TASK TO COMPLETE:
Of all the lines in the entries below, give again exactly those starting at the line containing "(* spaces (an" and ending at the line containing "(forall v, 0 <= v <= T -> forall", both ends included, and no others.

═════ SOURCE MATERIAL

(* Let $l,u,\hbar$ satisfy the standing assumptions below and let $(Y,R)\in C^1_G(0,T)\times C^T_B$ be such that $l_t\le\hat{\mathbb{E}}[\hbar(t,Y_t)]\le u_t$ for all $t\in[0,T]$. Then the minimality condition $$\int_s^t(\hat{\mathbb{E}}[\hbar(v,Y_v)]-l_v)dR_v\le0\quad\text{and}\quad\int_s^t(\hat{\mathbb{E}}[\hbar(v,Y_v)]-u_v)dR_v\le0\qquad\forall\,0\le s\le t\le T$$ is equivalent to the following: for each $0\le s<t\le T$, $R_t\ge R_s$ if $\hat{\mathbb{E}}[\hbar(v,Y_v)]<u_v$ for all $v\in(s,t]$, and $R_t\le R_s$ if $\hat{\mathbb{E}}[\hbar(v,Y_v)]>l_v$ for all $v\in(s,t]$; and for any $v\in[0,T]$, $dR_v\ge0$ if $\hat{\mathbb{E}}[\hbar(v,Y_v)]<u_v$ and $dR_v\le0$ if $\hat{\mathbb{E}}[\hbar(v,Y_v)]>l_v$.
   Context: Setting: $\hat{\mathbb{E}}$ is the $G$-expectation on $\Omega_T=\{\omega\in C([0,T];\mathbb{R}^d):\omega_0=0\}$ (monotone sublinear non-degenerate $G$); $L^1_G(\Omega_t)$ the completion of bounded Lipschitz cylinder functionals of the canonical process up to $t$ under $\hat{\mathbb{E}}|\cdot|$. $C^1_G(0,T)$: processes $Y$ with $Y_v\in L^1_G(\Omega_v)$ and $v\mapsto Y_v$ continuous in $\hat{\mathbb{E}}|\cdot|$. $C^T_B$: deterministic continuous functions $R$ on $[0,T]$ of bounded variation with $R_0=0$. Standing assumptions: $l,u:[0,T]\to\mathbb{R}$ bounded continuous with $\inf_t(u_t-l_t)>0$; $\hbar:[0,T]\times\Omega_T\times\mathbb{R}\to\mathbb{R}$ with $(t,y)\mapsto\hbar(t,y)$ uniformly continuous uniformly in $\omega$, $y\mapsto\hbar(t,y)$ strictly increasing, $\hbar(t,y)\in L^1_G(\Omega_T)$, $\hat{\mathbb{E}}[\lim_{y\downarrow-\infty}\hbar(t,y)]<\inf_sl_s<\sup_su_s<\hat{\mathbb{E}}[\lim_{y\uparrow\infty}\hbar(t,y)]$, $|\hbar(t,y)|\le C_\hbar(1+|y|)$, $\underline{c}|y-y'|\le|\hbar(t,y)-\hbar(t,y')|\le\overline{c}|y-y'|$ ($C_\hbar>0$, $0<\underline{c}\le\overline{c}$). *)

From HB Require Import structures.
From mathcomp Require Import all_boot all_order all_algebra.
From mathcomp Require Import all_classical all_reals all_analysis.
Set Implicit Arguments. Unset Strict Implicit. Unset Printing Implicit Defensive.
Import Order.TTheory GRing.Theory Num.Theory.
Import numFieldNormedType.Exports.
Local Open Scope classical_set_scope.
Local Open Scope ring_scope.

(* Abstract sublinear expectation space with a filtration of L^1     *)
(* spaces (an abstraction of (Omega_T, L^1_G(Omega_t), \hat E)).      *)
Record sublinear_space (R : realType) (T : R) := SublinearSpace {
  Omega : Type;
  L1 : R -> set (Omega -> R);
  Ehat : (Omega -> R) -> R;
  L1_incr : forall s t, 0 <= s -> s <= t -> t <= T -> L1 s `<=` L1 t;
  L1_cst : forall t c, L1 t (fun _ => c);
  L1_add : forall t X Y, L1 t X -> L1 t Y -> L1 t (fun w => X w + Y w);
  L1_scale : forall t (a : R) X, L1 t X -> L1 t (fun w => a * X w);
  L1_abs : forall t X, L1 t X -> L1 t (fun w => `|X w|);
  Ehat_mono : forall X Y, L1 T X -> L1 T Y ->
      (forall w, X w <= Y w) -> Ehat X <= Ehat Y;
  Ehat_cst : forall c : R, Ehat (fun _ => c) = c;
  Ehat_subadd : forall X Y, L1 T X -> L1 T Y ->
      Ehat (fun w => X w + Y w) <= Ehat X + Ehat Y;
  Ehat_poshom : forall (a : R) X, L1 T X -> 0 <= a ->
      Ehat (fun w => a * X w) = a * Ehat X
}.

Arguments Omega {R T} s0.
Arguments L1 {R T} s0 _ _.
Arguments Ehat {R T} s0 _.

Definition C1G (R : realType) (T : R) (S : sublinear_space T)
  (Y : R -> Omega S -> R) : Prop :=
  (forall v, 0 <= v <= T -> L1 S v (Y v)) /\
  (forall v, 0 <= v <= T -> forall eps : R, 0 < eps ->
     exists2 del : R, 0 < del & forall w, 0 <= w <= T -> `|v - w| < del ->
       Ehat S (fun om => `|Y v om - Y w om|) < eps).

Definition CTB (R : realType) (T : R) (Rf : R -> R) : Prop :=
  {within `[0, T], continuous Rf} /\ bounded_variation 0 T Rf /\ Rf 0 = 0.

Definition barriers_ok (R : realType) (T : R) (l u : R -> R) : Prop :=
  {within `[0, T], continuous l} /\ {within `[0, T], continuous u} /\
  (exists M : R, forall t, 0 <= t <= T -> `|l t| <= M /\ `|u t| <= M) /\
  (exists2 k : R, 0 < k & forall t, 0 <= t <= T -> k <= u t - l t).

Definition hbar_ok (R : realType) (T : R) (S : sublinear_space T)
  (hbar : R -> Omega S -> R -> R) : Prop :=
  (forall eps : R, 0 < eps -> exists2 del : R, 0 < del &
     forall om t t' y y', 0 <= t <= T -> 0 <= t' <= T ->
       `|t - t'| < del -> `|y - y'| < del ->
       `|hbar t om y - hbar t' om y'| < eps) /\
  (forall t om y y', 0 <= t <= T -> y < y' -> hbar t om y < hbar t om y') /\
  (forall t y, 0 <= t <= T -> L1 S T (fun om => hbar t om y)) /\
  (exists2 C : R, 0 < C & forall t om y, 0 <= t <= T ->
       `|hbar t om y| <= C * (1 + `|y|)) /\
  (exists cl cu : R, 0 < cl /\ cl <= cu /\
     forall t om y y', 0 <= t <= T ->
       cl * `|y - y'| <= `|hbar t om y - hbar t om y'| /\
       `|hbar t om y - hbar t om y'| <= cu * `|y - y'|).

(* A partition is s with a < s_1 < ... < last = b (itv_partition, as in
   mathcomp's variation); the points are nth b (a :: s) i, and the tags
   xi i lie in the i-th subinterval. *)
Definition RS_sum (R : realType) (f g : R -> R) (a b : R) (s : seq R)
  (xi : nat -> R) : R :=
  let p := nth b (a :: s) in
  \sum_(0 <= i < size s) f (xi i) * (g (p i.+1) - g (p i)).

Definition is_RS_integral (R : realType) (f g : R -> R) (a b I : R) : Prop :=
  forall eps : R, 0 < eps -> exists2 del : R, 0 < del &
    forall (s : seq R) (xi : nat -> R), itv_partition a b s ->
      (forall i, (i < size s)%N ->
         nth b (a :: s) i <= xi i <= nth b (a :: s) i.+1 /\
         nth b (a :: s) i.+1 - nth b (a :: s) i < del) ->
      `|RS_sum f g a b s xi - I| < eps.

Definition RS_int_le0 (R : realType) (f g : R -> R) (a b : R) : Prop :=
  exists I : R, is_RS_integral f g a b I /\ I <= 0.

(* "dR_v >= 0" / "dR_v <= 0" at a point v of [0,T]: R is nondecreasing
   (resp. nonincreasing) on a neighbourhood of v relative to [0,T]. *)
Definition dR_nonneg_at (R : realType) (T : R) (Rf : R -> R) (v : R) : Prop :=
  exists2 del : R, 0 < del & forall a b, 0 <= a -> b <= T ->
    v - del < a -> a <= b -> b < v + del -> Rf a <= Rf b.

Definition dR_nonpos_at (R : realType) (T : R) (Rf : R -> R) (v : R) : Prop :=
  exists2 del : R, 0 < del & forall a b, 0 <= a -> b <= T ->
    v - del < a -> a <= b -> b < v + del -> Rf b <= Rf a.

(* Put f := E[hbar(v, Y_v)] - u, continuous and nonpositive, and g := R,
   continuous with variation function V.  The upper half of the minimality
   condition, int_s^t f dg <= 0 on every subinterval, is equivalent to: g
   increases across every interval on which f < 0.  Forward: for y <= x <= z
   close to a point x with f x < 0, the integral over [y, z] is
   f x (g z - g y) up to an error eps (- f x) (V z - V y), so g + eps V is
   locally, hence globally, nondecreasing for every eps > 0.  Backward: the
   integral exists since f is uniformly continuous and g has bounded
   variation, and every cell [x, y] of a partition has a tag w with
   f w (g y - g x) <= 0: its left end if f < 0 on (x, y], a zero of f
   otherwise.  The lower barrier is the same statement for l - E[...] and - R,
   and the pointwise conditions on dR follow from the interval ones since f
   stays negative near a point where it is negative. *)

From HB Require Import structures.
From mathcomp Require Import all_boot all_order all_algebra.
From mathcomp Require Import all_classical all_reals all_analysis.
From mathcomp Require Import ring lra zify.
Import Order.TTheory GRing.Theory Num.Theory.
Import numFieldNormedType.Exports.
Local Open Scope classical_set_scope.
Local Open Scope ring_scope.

══════════
═════ SOURCE MATERIAL

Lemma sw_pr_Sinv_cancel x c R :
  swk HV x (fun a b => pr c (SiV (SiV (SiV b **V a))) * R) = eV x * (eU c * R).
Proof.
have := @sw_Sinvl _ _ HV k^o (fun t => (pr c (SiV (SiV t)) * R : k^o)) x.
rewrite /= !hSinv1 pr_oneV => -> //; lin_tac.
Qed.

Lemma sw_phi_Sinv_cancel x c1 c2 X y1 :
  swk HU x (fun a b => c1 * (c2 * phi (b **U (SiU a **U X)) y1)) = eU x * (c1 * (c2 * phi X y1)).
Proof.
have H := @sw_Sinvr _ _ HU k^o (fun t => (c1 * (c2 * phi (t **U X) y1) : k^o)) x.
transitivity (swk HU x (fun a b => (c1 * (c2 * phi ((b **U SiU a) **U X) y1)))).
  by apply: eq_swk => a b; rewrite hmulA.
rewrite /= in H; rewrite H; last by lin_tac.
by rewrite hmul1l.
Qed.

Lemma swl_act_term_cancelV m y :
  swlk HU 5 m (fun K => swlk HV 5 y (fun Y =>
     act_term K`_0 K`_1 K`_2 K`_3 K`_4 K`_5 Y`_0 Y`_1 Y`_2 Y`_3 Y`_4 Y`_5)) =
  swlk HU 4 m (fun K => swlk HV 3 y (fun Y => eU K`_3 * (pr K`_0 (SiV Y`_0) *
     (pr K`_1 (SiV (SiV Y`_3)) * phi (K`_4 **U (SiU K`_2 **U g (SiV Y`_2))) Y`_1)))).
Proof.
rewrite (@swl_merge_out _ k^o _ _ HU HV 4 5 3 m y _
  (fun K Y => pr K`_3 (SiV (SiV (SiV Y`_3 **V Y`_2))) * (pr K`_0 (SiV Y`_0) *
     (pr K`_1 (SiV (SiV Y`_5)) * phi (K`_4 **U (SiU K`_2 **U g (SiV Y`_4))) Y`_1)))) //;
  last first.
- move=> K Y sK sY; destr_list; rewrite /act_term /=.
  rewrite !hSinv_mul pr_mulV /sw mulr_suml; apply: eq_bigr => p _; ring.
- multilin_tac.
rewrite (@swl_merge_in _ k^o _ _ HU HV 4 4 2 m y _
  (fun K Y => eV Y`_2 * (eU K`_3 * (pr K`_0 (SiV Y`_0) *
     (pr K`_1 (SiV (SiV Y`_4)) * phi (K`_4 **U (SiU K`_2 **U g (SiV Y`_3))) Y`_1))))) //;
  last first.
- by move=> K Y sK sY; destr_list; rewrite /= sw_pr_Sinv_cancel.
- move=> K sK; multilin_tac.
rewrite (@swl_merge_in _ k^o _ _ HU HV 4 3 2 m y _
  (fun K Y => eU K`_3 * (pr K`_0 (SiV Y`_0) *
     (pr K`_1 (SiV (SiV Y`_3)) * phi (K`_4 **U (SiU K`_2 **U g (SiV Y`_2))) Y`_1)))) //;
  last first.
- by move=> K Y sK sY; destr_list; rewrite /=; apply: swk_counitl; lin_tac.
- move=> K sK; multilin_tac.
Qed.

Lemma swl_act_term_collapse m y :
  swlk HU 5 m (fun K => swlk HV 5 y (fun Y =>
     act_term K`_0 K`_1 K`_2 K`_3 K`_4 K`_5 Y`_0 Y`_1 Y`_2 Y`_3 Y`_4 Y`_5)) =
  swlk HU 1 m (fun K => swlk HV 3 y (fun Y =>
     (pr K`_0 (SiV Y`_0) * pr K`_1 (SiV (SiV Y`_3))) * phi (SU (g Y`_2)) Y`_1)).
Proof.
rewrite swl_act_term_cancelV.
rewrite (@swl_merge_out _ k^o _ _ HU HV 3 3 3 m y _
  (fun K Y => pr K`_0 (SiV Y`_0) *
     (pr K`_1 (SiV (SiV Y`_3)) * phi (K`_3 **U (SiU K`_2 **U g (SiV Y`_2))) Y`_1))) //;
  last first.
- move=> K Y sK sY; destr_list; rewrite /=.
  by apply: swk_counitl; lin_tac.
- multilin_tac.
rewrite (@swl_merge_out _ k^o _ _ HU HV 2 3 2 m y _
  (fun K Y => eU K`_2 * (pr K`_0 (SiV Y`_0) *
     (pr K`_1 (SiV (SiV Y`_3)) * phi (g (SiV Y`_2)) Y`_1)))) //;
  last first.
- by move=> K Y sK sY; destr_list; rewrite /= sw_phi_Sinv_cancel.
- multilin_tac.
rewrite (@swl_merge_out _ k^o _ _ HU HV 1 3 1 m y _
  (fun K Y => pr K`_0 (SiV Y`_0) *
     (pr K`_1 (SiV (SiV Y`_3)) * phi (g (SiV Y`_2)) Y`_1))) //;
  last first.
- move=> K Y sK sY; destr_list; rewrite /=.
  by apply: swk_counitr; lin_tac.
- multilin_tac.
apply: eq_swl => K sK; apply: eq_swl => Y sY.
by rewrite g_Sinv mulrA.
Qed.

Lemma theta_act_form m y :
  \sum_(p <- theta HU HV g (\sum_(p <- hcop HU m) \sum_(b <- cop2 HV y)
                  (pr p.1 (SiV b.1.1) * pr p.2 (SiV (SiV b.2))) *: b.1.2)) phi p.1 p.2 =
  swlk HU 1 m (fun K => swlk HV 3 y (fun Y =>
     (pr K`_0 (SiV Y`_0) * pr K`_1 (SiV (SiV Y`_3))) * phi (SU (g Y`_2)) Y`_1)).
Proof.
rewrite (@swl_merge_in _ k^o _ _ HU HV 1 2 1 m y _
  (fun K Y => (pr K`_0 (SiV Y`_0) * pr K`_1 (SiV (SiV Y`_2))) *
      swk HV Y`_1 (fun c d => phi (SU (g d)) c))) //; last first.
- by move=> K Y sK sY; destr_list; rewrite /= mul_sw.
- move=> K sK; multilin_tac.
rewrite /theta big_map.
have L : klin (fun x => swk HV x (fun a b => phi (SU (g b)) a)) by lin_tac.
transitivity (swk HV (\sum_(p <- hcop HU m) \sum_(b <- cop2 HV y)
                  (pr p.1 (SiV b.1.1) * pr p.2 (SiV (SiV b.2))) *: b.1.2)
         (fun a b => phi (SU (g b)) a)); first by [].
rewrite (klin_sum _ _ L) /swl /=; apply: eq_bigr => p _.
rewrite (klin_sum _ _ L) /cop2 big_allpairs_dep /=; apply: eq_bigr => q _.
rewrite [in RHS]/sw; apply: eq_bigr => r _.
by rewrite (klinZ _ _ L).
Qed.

══════════

SOLUTION TO THE EXERCISE:
(* spaces (an abstraction of (Omega_T, L^1_G(Omega_t), \hat E)).      *)
Record sublinear_space (R : realType) (T : R) := SublinearSpace {
  Omega : Type;
  L1 : R -> set (Omega -> R);
  Ehat : (Omega -> R) -> R;
  L1_incr : forall s t, 0 <= s -> s <= t -> t <= T -> L1 s `<=` L1 t;
  L1_cst : forall t c, L1 t (fun _ => c);
  L1_add : forall t X Y, L1 t X -> L1 t Y -> L1 t (fun w => X w + Y w);
  L1_scale : forall t (a : R) X, L1 t X -> L1 t (fun w => a * X w);
  L1_abs : forall t X, L1 t X -> L1 t (fun w => `|X w|);
  Ehat_mono : forall X Y, L1 T X -> L1 T Y ->
      (forall w, X w <= Y w) -> Ehat X <= Ehat Y;
  Ehat_cst : forall c : R, Ehat (fun _ => c) = c;
  Ehat_subadd : forall X Y, L1 T X -> L1 T Y ->
      Ehat (fun w => X w + Y w) <= Ehat X + Ehat Y;
  Ehat_poshom : forall (a : R) X, L1 T X -> 0 <= a ->
      Ehat (fun w => a * X w) = a * Ehat X
}.

Arguments Omega {R T} s0.
Arguments L1 {R T} s0 _ _.
Arguments Ehat {R T} s0 _.

Definition C1G (R : realType) (T : R) (S : sublinear_space T)
  (Y : R -> Omega S -> R) : Prop :=
  (forall v, 0 <= v <= T -> L1 S v (Y v)) /\
  (forall v, 0 <= v <= T -> forall eps : R, 0 < eps ->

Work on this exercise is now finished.